Obama doesn't share my heritage. But as a child of mixed-race parentage and culture, surely he, too, struggled for his place in a society that has not always been welcoming to mulattos. His white family loved him, but more than an ocean separated him from his black father and relatives. I know what it's like to long for a father, having never known my own. Perhaps Obama found a surrogate black family in Trinity Church.
"Obama had to go to a church" like Trinity, says Miller. "That was part of his homecoming, part of his self-discovery."
That other African Americans and I were able to overcome seemingly insurmountable hurdles is undeniably due, in part, to Wright-like prophetic speech.
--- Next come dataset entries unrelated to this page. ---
(* Let $m,k,\Delta \in \mathbb{Z}_{>0}$ with $m > k$. (i) If no Sauer Matrix of size $k$ is feasible for translations, then \[ h_s(m) \le 2\sum_{i=0}^{k-1}\binom{m}{i} \in \mathcal{O}(m^{k-1}). \] (ii) If no Sauer Matrix $S$ of size $k$ admits a translation vector $t \in [0,1)^k \cap (\tfrac1\Delta\mathbb{Z})^k\setminus\{\mathbf 0\}$ such that $t+S$ is totally $1$-submodular, then \[ h_s^{\Delta}(m) \le 2\sum_{i=0}^{k-1}\binom{m}{i} \in \mathcal{O}(m^{k-1}). \]
   Context: A real matrix is totally $1$-submodular if every square submatrix (of every size) has determinant of absolute value at most $1$. For $t\in\mathbb{R}^m$ and a matrix $A$ with columns $A_1,\dots,A_n$, $t+A$ is the matrix with columns $t+A_i$. The shifted Heller constant $h_s(m)$ is the maximum $n$ such that there exist $t \in [0,1)^m\setminus\{\mathbf 0\}$ and $A \in \{-1,0,1\}^{m\times n}$ with pairwise distinct columns such that $t+A$ is totally $1$-submodular; for an integer $\delta\ge2$, $h_s^\delta(m)$ is defined the same way but with $t \in [0,1)^m\cap(\tfrac1\delta\mathbb{Z})^m\setminus\{\mathbf 0\}$ (in (ii) the quantity $h_s^{\Delta}(m)$ is thus meant for $\Delta\ge 2$). A Sauer Matrix of size $k$ is a matrix $S\in\{-1,0,1\}^{k\times 2^k}$ whose columns have pairwise distinct supports, so that every subset of $[k]$ is the support (set of nonzero coordinates) of exactly one column, the nonzero entries being arbitrary elements of $\{-1,1\}$. A vector $r\in[0,1)^k$ is feasible for $S$ if $r+S$ is totally $1$-submodular; $S$ is feasible for translations if some $r\in[0,1)^k$ is feasible for $S$. *)

From HB Require Import structures.
From mathcomp Require Import all_boot all_order all_algebra.
From mathcomp Require Import reals.
Set Implicit Arguments. Unset Strict Implicit. Unset Printing Implicit Defensive.
Import Order.TTheory GRing.Theory Num.Theory.
Local Open Scope ring_scope.

Definition tot1sub (R : realType) (m n : nat) (M : 'M[R]_(m, n)) : Prop :=
  forall (p : nat) (f : 'I_p -> 'I_m) (g : 'I_p -> 'I_n),
    injective f -> injective g -> `|\det (mxsub f g M)| <= 1.

Definition translate (R : realType) (m n : nat) (t : 'cV[R]_m) (A : 'M[R]_(m, n))
  : 'M[R]_(m, n) := \matrix_(i, j) (t i 0 + A i j).

Definition ternary (R : realType) (m n : nat) (A : 'M[R]_(m, n)) : Prop :=
  forall i j, A i j \in [:: -1; 0; 1].

Definition in_unit_cube (R : realType) (m : nat) (t : 'cV[R]_m) : Prop :=
  forall i, 0 <= t i 0 < 1.

Definition in_grid (R : realType) (m Delta : nat) (t : 'cV[R]_m) : Prop :=
  forall i, exists z : int, t i 0 = z%:~R / Delta%:R.

(* n is attained in the definition of h_s(m): there are t in [0,1)^m \ {0}
   and A in {-1,0,1}^{m x n} with pairwise distinct columns and t+A totally
   1-submodular.  h_s(m) is the maximum such n. *)
Definition shifted_heller_witness (R : realType) (m n : nat) : Prop :=
  exists (t : 'cV[R]_m) (A : 'M[R]_(m, n)),
    [/\ in_unit_cube t, t != 0, ternary A, injective (fun j => col j A)
      & tot1sub (translate t A)].

(* same for h_s^Delta(m): additionally t in (1/Delta Z)^m. *)
Definition shifted_heller_delta_witness (R : realType) (m Delta n : nat) : Prop :=
  exists (t : 'cV[R]_m) (A : 'M[R]_(m, n)),
    [/\ in_unit_cube t /\ in_grid Delta t, t != 0, ternary A,
        injective (fun j => col j A) & tot1sub (translate t A)].
Lemma f_setU1 (S : {set 'I_n}) v phi :
  f (S :|: [set v]) phi - f S phi = \sum_(y in OmI S phi) dist_at v phi y.
Proof.
set E := [set y : realization n | y v == phi v].
rewrite /Defs.f OmegaI_setU1 -/E.
have -> : #|OmI S phi|%:R = #|OmI S phi :&: E|%:R + #|OmI S phi :\: E|%:R :> R.
  by rewrite -natrD cardsID.
rewrite (big_setID E) /= big1 => [|y /setIP [_]]; last first.
  by rewrite inE /dist_at => /eqP ->; rewrite eqxx.
rewrite add0r (eq_bigr (fun=> 1)) => [|y /setDP [_]]; last first.
  by rewrite inE /dist_at eq_sym => /negPf ->.
by rewrite sumr_const; ring.
Qed.

Lemma f_ge0 (S : {set 'I_n}) phi : 0 <= f S phi.
Proof. by rewrite /Defs.f subr_ge0 ler_nat subset_leq_card ?OmegaI_subOmega. Qed.

Lemma f_set0 phi : f set0 phi = 0.
Proof. by rewrite /Defs.f OmegaI0 subrr. Qed.

Lemma f_subset (S S' : {set 'I_n}) phi : S \subset S' -> f S phi <= f S' phi.
Proof. by move=> sSS'; rewrite lerD2l lerN2 ler_nat subset_leq_card ?OmegaIS. Qed.

Lemma dist_at_ge0 v x y : 0 <= dist_at v x y.
Proof. exact: ler0n. Qed.

Lemma dist_atC v x y : dist_at v x y = dist_at v y x.
Proof. by rewrite /dist_at eq_sym. Qed.

Lemma dist_at_tri v x y z : dist_at v x y <= dist_at v x z + dist_at v y z.
Proof.
rewrite /dist_at; have [-> | neq_xy] := eqVneq (x v) (y v); first exact: addr_ge0.
have [eq_xz | _] := eqVneq (x v) (z v); last by rewrite lerDl.
by rewrite -eq_xz eq_sym neq_xy add0r.
Qed.

Lemma mean_gain_ge0 C v : 0 <= mean_gain C v.
Proof. by rewrite divr_ge0 ?cross_sum_ge0 // => *; apply: dist_at_ge0. Qed.

Lemma mean_gain_subset (B C : {set realization n}) v :
  B \subset C -> mean_gain B v <= mean_gain C v.
Proof.
by apply: cross_sum_mean_mono; [apply: dist_at_ge0 | apply: dist_atC | apply: dist_at_tri].
Qed.

Lemma mean_gain_OmegaI_mem (S : {set 'I_n}) phi v :
  v \in S -> mean_gain (OmI S phi) v = 0.
Proof.
move=> vS; rewrite /mean_gain /cross_sum big1 ?mul0r // => x x_in.
by rewrite big1 // => y y_in; rewrite /dist_at (OmegaI_agree vS x_in y_in) eqxx.
Qed.

Lemma in_consistent psi y : (y \in consistent adj psi) = (y \in Om) && agrees y psi.
Proof. by rewrite inE. Qed.

Lemma agreesP (y : realization n) (psi : Defs.pmap n) :
  reflect (forall w u, psi w = Some u -> y w = u) (agrees y psi).
Proof.
apply: (iffP forallP) => [agr w u psi_w | agr w].
  by move: (agr w); rewrite psi_w => /eqP [].
by case psi_w: (psi w) => [u|] //=; rewrite (agr w u psi_w) eqxx.
Qed.

Lemma OmegaI_dom psi phi :
  phi \in consistent adj psi -> OmI (dom psi) phi = consistent adj psi.
Proof.
rewrite in_consistent => /andP[_ /agreesP agr_phi]; apply/setP => y.
rewrite in_OmegaI in_consistent; congr (_ && _).
apply/forall_inP/agreesP => [eq_y w u psi_w | agr_y w].
  have w_dom : w \in dom psi by rewrite inE psi_w.
  by rewrite (eqP (eq_y w w_dom)) (agr_phi w u psi_w).
rewrite inE; case psi_w: (psi w) => [u|] // _.
by rewrite (agr_y w u psi_w) (agr_phi w u psi_w).
Qed.

Lemma Delta_mean_gain v psi : Delta R adj v psi = mean_gain (consistent adj psi) v.
Proof.
rewrite /Delta /mean_gain /cross_sum; congr (_ / _); apply: eq_bigr => phi phi_in.
by rewrite f_setU1 OmegaI_dom.
Qed.

Lemma consistent_subrealization psi psi' :
  subrealization psi psi' -> consistent adj psi' \subset consistent adj psi.
Proof.
move=> sub; apply/subsetP => y; rewrite !in_consistent => /andP[-> /agreesP agr_y].
by apply/agreesP => w u psi_w; apply: agr_y; rewrite sub psi_w.
Qed.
Like Negro spirituals, it helped us organize, motivate and empower ourselves.
But just as spirituals eventually lost their relevance and potency as an organizing tool against discrimination -- even as they retained their historical importance in the African American cultural narrative -- so, I believe, has Wright-speak lost its place. It's harmful and ultimately can't provide healing. And it's outdated in the 21st century.
I came to this realization gradually. As I expanded my associations and experiences -- organizing in places such as San Francisco, Providence, R.I., Patterson, N.J. and Northeast Washington, meeting caring Hispanics, Asians and whites -- I came to know that we are all more alike than different. I saw that our dreams sat inside each other. All of us wanted a better America, not so much for ourselves as for our children, and their children. Achieving this meant that we had to get beyond our past segregated lives and work together, inspiring the best in ourselves -- not the bitterness and the biases.
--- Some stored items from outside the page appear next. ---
(* For a causal stable system $P$ on $\mathcal{L}_{2e+}^n$, $\theta(P)\le\theta_e(P)$. Moreover, if $\theta(P)\in[0,\pi/2]$, then $\theta(P)=\theta_e(P)$.
   Context: $\mathcal{L}_2^n$: measurable $u:\mathbb{R}\to\mathbb{R}^n$ with $\|u\|_2^2=\int|u(t)|^2dt<\infty$, inner product $\langle u,v\rangle=\int u(t)^Tv(t)\,dt$; $\mathcal{L}_{2+}=\{u\in\mathcal{L}_2:u(t)=0\ \text{for}\ t<0\}$. For $T\ge0$, $(\Gamma_Tu)(t)=u(t)$ for $t\le T$, $0$ for $t>T$, and $u_T=\Gamma_Tu$; $\mathcal{L}_{2e+}=\{u:u_T\in\mathcal{L}_{2+}\ \forall T\ge0\}$. A system is an operator $P:\mathcal{L}_{2e+}\to\mathcal{L}_{2e+}$ with $P0=0$, $P\ne0$; causal if $\Gamma_TP=\Gamma_TP\Gamma_T$ for all $T\ge0$; a causal system is stable if $Pu\in\mathcal{L}_{2+}$ for all $u\in\mathcal{L}_{2+}$ and $\sup_{0\ne u\in\mathcal{L}_{2+}}\|Pu\|_2/\|u\|_2<\infty$. The singular angle $\theta(P)\in[0,\pi]$ is given by $\cos\theta(P)=\inf\{\langle u,Pu\rangle/(\|u\|_2\|Pu\|_2):0\neq u\in\mathcal{L}_{2+},\ Pu\ne0\}$. The $\mathcal{L}_{2e}$ singular angle $\theta_e(P)\in[0,\pi]$ is given by $\cos\theta_e(P)=\inf\{\langle u_T,(Pu)_T\rangle/(\|u_T\|_2\|(Pu)_T\|_2): u\in\mathcal{L}_{2e+},\ T>0,\ \|u_T\|_2\ne0,\ \|(Pu)_T\|_2\ne0\}$. *)

From HB Require Import structures.
From mathcomp Require Import all_boot all_order all_algebra.
From mathcomp Require Import all_classical all_reals all_analysis.
Set Implicit Arguments. Unset Strict Implicit. Unset Printing Implicit Defensive.
Import Order.TTheory GRing.Theory Num.Theory.
Import numFieldNormedType.Exports.
Local Open Scope classical_set_scope.
Local Open Scope ring_scope.

Section Signals.
Variables (R : realType) (n : nat).

Definition signal := R -> 'I_n -> R.

Definition dotv (x y : 'I_n -> R) : R := \sum_(i < n) x i * y i.
Definition sqnorm (x : 'I_n -> R) : R := dotv x x.

(* L_2^n : measurable (componentwise, i.e. Borel-measurable into R^n)
   with finite integral of |u(t)|^2. *)
Definition L2 (u : signal) : Prop :=
  (forall i : 'I_n, measurable_fun setT (fun t : R => u t i)) /\
  (\int[lebesgue_measure]_t (sqnorm (u t))%:E < +oo)%E.

Definition L2p (u : signal) : Prop :=
  L2 u /\ (forall t : R, t < 0 -> u t = (fun _ => 0)).

Definition trunc (T : R) (u : signal) : signal :=
  fun t => if t <= T then u t else (fun _ => 0).

Definition L2ep (u : signal) : Prop :=
  forall T : R, 0 <= T -> L2p (trunc T u).

Definition inner (u v : signal) : R :=
  Rintegral lebesgue_measure setT (fun t => dotv (u t) (v t)).
Definition norm2 (u : signal) : R :=
  Num.sqrt (Rintegral lebesgue_measure setT (fun t => sqnorm (u t))).

Definition zero_signal : signal := fun _ _ => 0.

Definition is_system (P : signal -> signal) : Prop :=
  (forall u, L2ep u -> L2ep (P u)) /\ P zero_signal = zero_signal /\
  (exists u, L2ep u /\ P u <> zero_signal).

Definition causal (P : signal -> signal) : Prop :=
  forall T : R, 0 <= T -> forall u, L2ep u ->
    trunc T (P u) = trunc T (P (trunc T u)).

(* stable: maps L2+ into L2+ with finite gain; "0 <> u" is read in L_2,
   i.e. ||u||_2 <> 0. *)
Definition stable (P : signal -> signal) : Prop :=
  (forall u, L2p u -> L2p (P u)) /\
  (exists c : R, forall u, L2p u -> norm2 u != 0 -> norm2 (P u) / norm2 u <= c).

Definition singular_angle (P : signal -> signal) : R :=
  acos (inf [set r | exists u, L2p u /\ norm2 u != 0 /\ norm2 (P u) != 0 /\
                      r = inner u (P u) / (norm2 u * norm2 (P u))]).

Definition singular_angle_e (P : signal -> signal) : R :=
  acos (inf [set r | exists u (T : R), L2ep u /\ 0 < T /\
                      norm2 (trunc T u) != 0 /\ norm2 (trunc T (P u)) != 0 /\
                      r = inner (trunc T u) (trunc T (P u)) /
                          (norm2 (trunc T u) * norm2 (trunc T (P u)))]).

End Signals.

From HB Require Import structures.
From mathcomp Require Import all_boot all_order all_algebra.
From mathcomp Require Import all_classical all_reals all_analysis.
From mathcomp Require Import ring.
From mathcomp Require Import measurable_realfun.
Import Order.TTheory GRing.Theory Num.Theory.
Import numFieldNormedType.Exports.
Local Open Scope classical_set_scope.
Local Open Scope ring_scope.

(* For an input v supported on (-oo, T], truncating the output at T leaves
   <v, Pv> unchanged and can only decrease ||Pv||; by causality every L2e
   cosine <u_T, (Pu)_T> / (||u_T|| ||(Pu)_T||) is of this form with v = u_T,
   so it dominates the L2 cosine of v whenever the latter is nonnegative.
   Conversely, by dominated convergence, every L2 cosine is the limit of the
   L2e cosines of its truncations at T -> oo.  Hence the infimum of the L2e
   cosines is at most that of the L2 cosines, with equality when the latter
   is nonnegative, i.e. when theta(P) <= pi/2; acos is decreasing. *)

Section Signals.
Context {R : realType} {n : nat}.
Notation mu := (@lebesgue_measure R).
Implicit Types (x y : 'I_n -> R) (u v : signal R n) (T : R).

Lemma sqnorm_ge0 x : 0 <= sqnorm x.
Proof. by apply: sumr_ge0 => i _; rewrite -expr2 sqr_ge0. Qed.

Lemma dotv0l y : dotv (fun _ => 0) y = 0.
Proof. by apply: big1 => i _; rewrite mul0r. Qed.

Lemma normr_dotv_le x y c : 0 < c ->
  `|2 * dotv x y| <= c * sqnorm x + c^-1 * sqnorm y.
Proof.
move=> c_gt0; have c_neq0 : c != 0 by rewrite gt_eqF.
rewrite ler_norml /sqnorm /dotv !mulr_sumr -big_split /= -sumrN.
apply/andP; split; rewrite -subr_ge0 -sumrB; apply: sumr_ge0 => i _.
- have -> : 2 * (x i * y i) - - (c * (x i * x i) + c^-1 * (y i * y i))
      = c^-1 * (c * x i + y i) ^+ 2 by field.
  by rewrite mulr_ge0 ?sqr_ge0 // invr_ge0 ltW.
- have -> : c * (x i * x i) + c^-1 * (y i * y i) - 2 * (x i * y i)
      = c^-1 * (c * x i - y i) ^+ 2 by field.
  by rewrite mulr_ge0 ?sqr_ge0 // invr_ge0 ltW.
Qed.

Local Notation Rintegrable f := (mu.-integrable setT (EFin \o f)).

Lemma RintegrableD {f g : R -> R} : Rintegrable f -> Rintegrable g ->
  Rintegrable (fun t => f t + g t).
Proof. exact: integrableD. Qed.

Lemma RintegrableZ k {f : R -> R} : Rintegrable f ->
  Rintegrable (fun t => k * f t).
Proof. exact: integrableZl. Qed.

Lemma Rintegrable_measurable {f : R -> R} : Rintegrable f ->
  measurable_fun setT f.
Proof. by move=> /(measurable_int mu)/measurable_EFinP. Qed.

Lemma L2E u : L2 u <-> (forall i, measurable_fun setT (fun t => u t i)) /\
  Rintegrable (fun t => sqnorm (u t)).
Proof.
have int_abs : (\int[mu]_t `|(sqnorm (u t))%:E| = \int[mu]_t (sqnorm (u t))%:E)%E.
  by apply: eq_integral => t _; rewrite gee0_abs // lee_fin sqnorm_ge0.
split=> -[mu_ int_u]; split=> //.
  apply/integrableP; split; last by rewrite int_abs.
  apply/measurable_EFinP; apply: measurable_sum => i.
  exact: measurable_funM (mu_ i) (mu_ i).
by move: int_u => /integrableP[_]; rewrite int_abs.
Qed.

Lemma L2_sqnorm_integrable {u} : L2 u -> Rintegrable (fun t => sqnorm (u t)).
Proof. by case/L2E. Qed.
This is Obama's message. "I believe deeply that we cannot solve the challenges of our time unless we solve them together," he said last week in a somber, historic address about race, racism and our country's future, presenting grievances on both sides: the pain and anger of blacks and the resentments of working- and middle-class whites.
Earlier, he had denounced Wright's words and dismissed the minister from his ceremonial campaign role. But in his speech he also made clear that he could no more distance himself from his former black pastor than he could from his white grandmother, both of whom are imperfect people.
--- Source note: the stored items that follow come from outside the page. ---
(* For every coherent distribution of $(X,Y)$ on $[0,1]^2$ with $EX=EY=p$, $$E|X-Y|\le 2p(1-p)\le\tfrac12,$$ with equality in the first inequality if $X=p$ and $Y$ has the Bernoulli$(p)$ distribution ($P(Y=1)=p$, $P(Y=0)=1-p$).
   Context: A distribution of $(X,Y)$ on $[0,1]^2$ is coherent if there exist, on some probability space, random variables with that joint distribution and an event $A$ such that $X=P(A\mid X)$ and $Y=P(A\mid Y)$. *)

From HB Require Import structures.
From mathcomp Require Import all_boot all_order all_algebra.
From mathcomp Require Import all_classical all_reals all_analysis.
Set Implicit Arguments. Unset Strict Implicit. Unset Printing Implicit Defensive.
Import Order.TTheory GRing.Theory Num.Theory.
Local Open Scope classical_set_scope.
Local Open Scope ring_scope.

(* [is_cond_prob P A X] : X is (a version of) the conditional probability
   P(A | X) = E[1_A | sigma(X)]. *)
Definition is_cond_prob {d : measure_display} {T : measurableType d}
  {R : realType} (P : probability T R) (A : set T) (X : T -> R) : Prop :=
  measurable_fun setT X /\
  forall B : set R, measurable B ->
    P (A `&` X @^-1` B) = (\int[P]_(t in X @^-1` B) (X t)%:E)%E.

(* The pair (X, Y), with values in [0,1]^2, on the probability space (T, P),
   witnesses coherence via the event A: X = P(A|X) and Y = P(A|Y). *)
Definition coherent_pair {d : measure_display} {T : measurableType d}
  {R : realType} (P : probability T R) (A : set T) (X Y : T -> R) : Prop :=
  measurable A /\
  (forall t, 0 <= X t <= 1) /\ (forall t, 0 <= Y t <= 1) /\
  is_cond_prob P A X /\ is_cond_prob P A Y.

From HB Require Import structures.
From mathcomp Require Import all_boot all_order all_algebra.
From mathcomp Require Import all_classical all_reals all_analysis.
From mathcomp Require Import measurable_realfun lra ring.
Import Order.TTheory GRing.Theory Num.Theory.
Import HBNNSimple.
Local Open Scope classical_set_scope.
Local Open Scope ring_scope.

(* The bound is witnessed by a pointwise dual certificate.  With the weight
   w(x) = 2p^2 / max(x, p^2), the function
     B(a, x) = p^2 + x - 2pa + (a - x) w(x)
   satisfies |x - y| <= B(a, x) + B(a, y) for a in {0, 1} and x, y in [0, 1]:
   B(0, .) is the distance to p^2 and B(1, .) dominates the distance to
   1 - (1 - p)^2, so this is the triangle inequality.  Now take a = 1_A.
   Since X = P(A | X), the defining identity E[1_A; X in B] = E[X; X in B]
   extends (simple functions, then monotone convergence) to
   E[(1_A - X) g(X)] = 0 for bounded measurable g >= 0, whence
   E[B(1_A, X)] = p^2 + p - 2p^2 = p(1 - p), and the same for Y.
   In the equality case |p - Y| is 1 - p on {Y = 1} and p on {Y = 0}. *)

Section dual_bound.
Context {R : realFieldType}.
Implicit Types p q x y : R.

Definition dual_weight q x : R := 2 * q / Num.max x q.

Lemma dual_weight_ge0 {q} x : 0 <= q -> 0 <= dual_weight q x.
Proof. by move=> q0; rewrite divr_ge0 ?mulr_ge0// le_max q0 orbT. Qed.

Lemma dual_weight_le2 q x : 0 <= q -> dual_weight q x <= 2.
Proof.
move=> q0; have [->|qn0] := eqVneq q 0; first by rewrite /dual_weight mulr0 mul0r.
have mq : 0 < Num.max x q by rewrite lt_max [0 < q]lt_def qn0 q0 orbT.
by rewrite ler_pdivrMr// ler_pM2l// le_max lexx orbT.
Qed.

Lemma dual_weight_below {q x} : 0 <= x -> x < q -> dual_weight q x = 2.
Proof.
move=> x0 xq; rewrite /dual_weight max_r ?ltW// mulfK//.
by rewrite gt_eqF// (le_lt_trans x0).
Qed.

Lemma mul_dual_weight {q x} : 0 <= q -> q <= x -> x * dual_weight q x = 2 * q.
Proof.
move=> q0 qx; rewrite /dual_weight max_l//.
have [x0|xn0] := eqVneq x 0; last by rewrite mulrC divfK.
by move: qx; rewrite x0 => q0'; rewrite (@le_anti _ _ q 0) ?q0 ?q0' ?mulr0 ?mul0r.
Qed.

Lemma dual_weight_nonincreasing q : 0 <= q -> nonincreasing_fun (dual_weight q).
Proof.
move=> q0 x y xy; have [->|qn0] := eqVneq q 0.
  by rewrite /dual_weight mulr0 !mul0r.
have qp : 0 < q by rewrite lt_def qn0 q0.
rewrite ler_pM2l ?mulr_gt0// lef_pV2 ?posrE ?lt_max ?qp ?orbT//.
by rewrite ge_max !le_max xy lexx !orbT.
Qed.

Definition dual_bound p a x : R :=
  p ^+ 2 + x - 2 * p * a + (a - x) * dual_weight (p ^+ 2) x.

Lemma dual_bound0 p x : 0 <= x -> dual_bound p 0 x = `|x - p ^+ 2|.
Proof.
move=> x0; rewrite /dual_bound mulr0 subr0 sub0r mulNr.
have [xp|px] := ltP x (p ^+ 2).
  by rewrite dual_weight_below// ltr0_norm ?subr_lt0//; ring.
by rewrite mul_dual_weight ?sqr_ge0// ger0_norm ?subr_ge0//; ring.
Qed.

Lemma dual_bound1_ge p x : 0 <= x <= 1 ->
  `|x - (1 - (1 - p) ^+ 2)| <= dual_bound p 1 x.
Proof.
case/andP=> x0 x1; rewrite /dual_bound mulr1 ler_norml.
have w0 := dual_weight_ge0 x (sqr_ge0 p).
apply/andP; split; last by rewrite !expr2; nra.
have [xp|px] := ltP x (p ^+ 2).
  by rewrite dual_weight_below//; have := sqr_ge0 (1 - p); rewrite !expr2; nra.
have xw := mul_dual_weight (sqr_ge0 p) px.
have [p_le0|p_gt0] := lerP p 0; first by rewrite !expr2; nra.
have x_gt0 : 0 < x := lt_le_trans (exprn_gt0 2 p_gt0) px.
rewrite -subr_ge0 -(pmulr_rge0 _ x_gt0).
by have := sqr_ge0 (x - p); rewrite !expr2 in xw *; nra.
Qed.

Lemma dist_le_dual_bound p (b : bool) x y : 0 <= x <= 1 -> 0 <= y <= 1 ->
  `|x - y| <= dual_bound p b%:R x + dual_bound p b%:R y.
Proof.
pose c := if b then 1 - (1 - p) ^+ 2 else p ^+ 2.
have dist_c z : 0 <= z <= 1 -> `|z - c| <= dual_bound p b%:R z.
  rewrite /c; case: b {c} => z01; first exact: dual_bound1_ge.
  by rewrite [false%:R]/= dual_bound0//; case/andP: z01.
move=> /dist_c xc /dist_c yc.
by apply: le_trans (ler_distD c x y) _; rewrite [`|c - y|]distrC lerD.
Qed.

Lemma dual_bound_ge0 p (b : bool) x : 0 <= x <= 1 -> 0 <= dual_bound p b%:R x.
Proof.
move=> x01; have := @dist_le_dual_bound p b x x x01 x01.
by rewrite subrr normr0; lra.
Qed.

End dual_bound.

Lemma measurable_dual_weight {R : realType} {q : R} :
  0 <= q -> measurable_fun setT (dual_weight q).
Proof.
move=> q0; apply: nonincreasing_measurable => //.
exact: dual_weight_nonincreasing.
Qed.

Lemma bounded_integrable {R : realType} {d : measure_display}
    {T : measurableType d} (mu : {finite_measure set T -> \bar R})
    (f : T -> R) (M : R) :
  measurable_fun setT f -> (forall t, `|f t| <= M) ->
  mu.-integrable setT (EFin \o f).
Proof.
move=> mf fM; apply: measurable_bounded_integrable => //.
  by rewrite ltey_eq fin_num_measure.
exists M; split; first exact: num_real.
by move=> N MN t _; exact: le_trans (fM t) (ltW MN).
Qed.

Section cond_prob.
Context {R : realType} {d : measure_display} {T : measurableType d}.
Context {P : probability T R} {A : set T} {X : T -> R}.
Hypotheses (mA : measurable A) (cpX : is_cond_prob P A X).
Hypothesis X01 : forall t, 0 <= X t <= 1.

Let mX : measurable_fun setT X := cpX.1.

Let mpreX B : measurable B -> measurable (X @^-1` B).
Proof. by move=> mB; rewrite -[X @^-1` B]setTI; exact: mX. Qed.

Let X0 t : 0 <= X t. Proof. by case/andP: (X01 t). Qed.

Let mIA : measurable_fun setT (\1_A : T -> R). Proof. exact: measurable_indic. Qed.

Lemma integral_cond_prob_indic B : measurable B ->
  (\int[P]_(t in A) (\1_(X @^-1` B) t)%:E =
   \int[P]_t (X t * \1_(X @^-1` B) t)%:E)%E.
Proof.
move=> mB; rewrite integral_indic//; last exact: mpreX.
rewrite setIC; apply: eq_trans (cpX.2 B mB) _; rewrite integral_mkcond.
by apply: eq_integral => t _; rewrite epatch_indic /= EFinM.
Qed.

Lemma integral_cond_prob_nnsfun (s : {nnsfun R >-> R}) :
  (\int[P]_(t in A) (s (X t))%:E = \int[P]_t (X t * s (X t))%:E)%E.
Proof.
pose E r := X @^-1` (s @^-1` [set r]).
have mIE r : measurable_fun setT (\1_(E r) : T -> R).
  by apply/measurable_indic/mpreX/measurable_funPTI.
transitivity (\sum_(r \in range s) \int[P]_(t in A) (r * \1_(E r) t)%:E)%E.
  under eq_integral do rewrite fimfunE -fsumEFin//.
  apply: ge0_integral_fsum => // r.
  - apply/measurable_EFinP/measurable_funM => //.
    exact: (measurable_funTS (mIE r)).
  - by move=> t _; have := nnfun_muleindic_ge0 s r (X t); rewrite -EFinM.
transitivity (\sum_(r \in range s) \int[P]_t (X t * (r * \1_(E r) t))%:E)%E.
  apply: eq_fsbigr => _ /[!inE] -[x _ <-].
  have sx0 : 0 <= s x := fun_ge0 x.
  under eq_integral do rewrite EFinM.
  under [RHS]eq_integral do rewrite mulrCA EFinM.
  rewrite !ge0_integralZl_EFin ?integral_cond_prob_indic//.
  - by move=> t _; rewrite lee_fin mulr_ge0.
  - exact/measurable_EFinP/measurable_funM.
  - exact/measurable_EFinP/(measurable_funTS (mIE _)).
rewrite -ge0_integral_fsum//.
- apply: eq_integral => t _; rewrite fsumEFin// -mulr_fsumr.
  by rewrite [in RHS]fimfunE.
- by move=> r; apply/measurable_EFinP/measurable_funM => //; exact: measurable_funM.
- move=> r t _; rewrite lee_fin mulr_ge0//.
  by have := nnfun_muleindic_ge0 s r (X t); rewrite -EFinM lee_fin.
Qed.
I understand this sentiment. I have not removed myself from people in my community who continue to rely on Wright-speak. We simply engage in debates. But their numbers are diminishing. More and more African Americans are coming to understand what we have in common with other Americans. Whites, Hispanics and Asians seem to be going through similar metamorphoses. What else can account for the surprising support Obama has received among non-blacks?